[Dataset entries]
Lemma big_iota0_ord (V : nmodType) n (F : nat -> V) :
  \sum_(a <- iota 0 n) F a = \sum_(a < n) F a.
Proof. by rewrite -(big_mkord xpredT) /index_iota subn0. Qed.

Section GameTrees.
Variable R : realFieldType.
Implicit Types (b c : bool) (t : tree R) (s : strat R) (p q : player) (h z : seq nat).

Definition player_strat q s1 s2 : strat R := if q is P1 then s1 else s2.

Fixpoint value p s1 s2 t : R :=
  match t with
  | Leaf u => if p is P1 then u else - u
  | Chance n pr k => \sum_(a <- iota 0 n) pr a * value p s1 s2 (k a)
  | Node q J n k => \sum_(a <- iota 0 n) player_strat q s1 s2 J a * value p s1 s2 (k a)
  end.

Definition children t : option (nat * (nat -> tree R)) :=
  match t with Leaf _ => None | Chance n _ k | Node _ _ n k => Some (n, k) end.

Lemma node_at_nil t : node_at t [::] = Some t.
Proof. by case: t. Qed.

Lemma node_at_cons t n k a z : children t = Some (n, k) ->
  node_at t (a :: z) = if (a < n)%N then node_at (k a) z else None.
Proof. by case: t => //= [? ? ?|? ? ? ?] [<- <-]. Qed.

Lemma node_at_cat t h z :
  node_at t (h ++ z) = if node_at t h is Some t' then node_at t' z else None.
Proof.
elim: h t => [|a h IH] [u|n pr k|q J n k] //=; case: (a < n)%N => //.
all: by case: z.
Qed.

Lemma path_prob_nil c b1 b2 s1 s2 t : path_prob c b1 b2 s1 s2 t [::] = 1.
Proof. by case: t. Qed.

Lemma path_prob_cons c b1 b2 s1 s2 t n k a z : children t = Some (n, k) ->
  path_prob c b1 b2 s1 s2 t (a :: z)
  = path_prob c b1 b2 s1 s2 t [:: a] * path_prob c b1 b2 s1 s2 (k a) z.
Proof. by case: t => //= [? ? ?|? ? ? ?] [_ <-]; rewrite path_prob_nil mulr1. Qed.

Lemma path_prob_cat c b1 b2 s1 s2 t t' h z : node_at t h = Some t' ->
  path_prob c b1 b2 s1 s2 t (h ++ z)
  = path_prob c b1 b2 s1 s2 t h * path_prob c b1 b2 s1 s2 t' z.
Proof.
elim: h t => [|a h IH] t; first by rewrite node_at_nil => -[<-]; rewrite path_prob_nil mul1r.
by case: t => [u|n pr k|q J n k] //=; case: (a < n)%N => // /IH ->; rewrite mulrA.
Qed.

Lemma eq_path_prob c b1 b2 s1 s2 s1' s2' t z :
  (b1 -> s1 = s1') -> (b2 -> s2 = s2') ->
  path_prob c b1 b2 s1 s2 t z = path_prob c b1 b2 s1' s2' t z.
Proof.
move=> e1 e2; elim: z t => [|a z IH] [u|n pr k|[] J n k] //=; rewrite IH //.
  by case: b1 e1 {IH} => // ->.
by case: b2 e2 {IH} => // ->.
Qed.

Lemma path_prob_split c b1 b2 s1 s2 t z :
  path_prob c b1 b2 s1 s2 t z * path_prob (~~ c) (~~ b1) (~~ b2) s1 s2 t z
  = path_prob true true true s1 s2 t z.
Proof.
elim: z t => [|a z IH] [u|n pr k|q J n k] /=; rewrite ?mulr1 // -IH.
  by case: c {IH} => /=; ring.
by case: q {IH}; case: b1; case: b2 => /=; ring.
Qed.

Lemma histories_children t n k : children t = Some (n, k) ->
  histories t = [::] :: flatten [seq [seq a :: h | h <- histories (k a)] | a <- iota 0 n].
Proof. by case: t => //= [? ? ?|? ? ? ?] [<- <-]. Qed.

Lemma terminals_children t n k : children t = Some (n, k) ->
  terminals t = flatten [seq [seq a :: z | z <- terminals (k a)] | a <- iota 0 n].
Proof.
move=> tk; rewrite /terminals (histories_children tk) /=.
have -> : is_terminal t [::] = false by case: t tk.
rewrite filter_flatten -map_comp; congr flatten; apply/eq_in_map => a.
rewrite mem_iota add0n => /andP[_ a_lt] /=; rewrite filter_map; congr map.
by apply: eq_filter => z; rewrite /is_terminal /= (node_at_cons _ _ tk) a_lt.
Qed.

Lemma big_histories t n k (F : seq nat -> R) : children t = Some (n, k) ->
  \sum_(h <- histories t) F h
  = F [::] + \sum_(a <- iota 0 n) \sum_(h <- histories (k a)) F (a :: h).
Proof.
move=> tk; rewrite (histories_children tk) big_cons big_flatten big_map.
by congr (_ + _); apply: eq_bigr => a _; rewrite big_map.
Qed.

▶ [EXERCISE DETAILS]
Filter on the word "apply": copy each matching line from the entries above.

▶ [RESULT BELOW]
rewrite filter_flatten -map_comp; congr flatten; apply/eq_in_map => a.
by apply: eq_filter => z; rewrite /is_terminal /= (node_at_cons _ _ tk) a_lt.
by congr (_ + _); apply: eq_bigr => a _; rewrite big_map.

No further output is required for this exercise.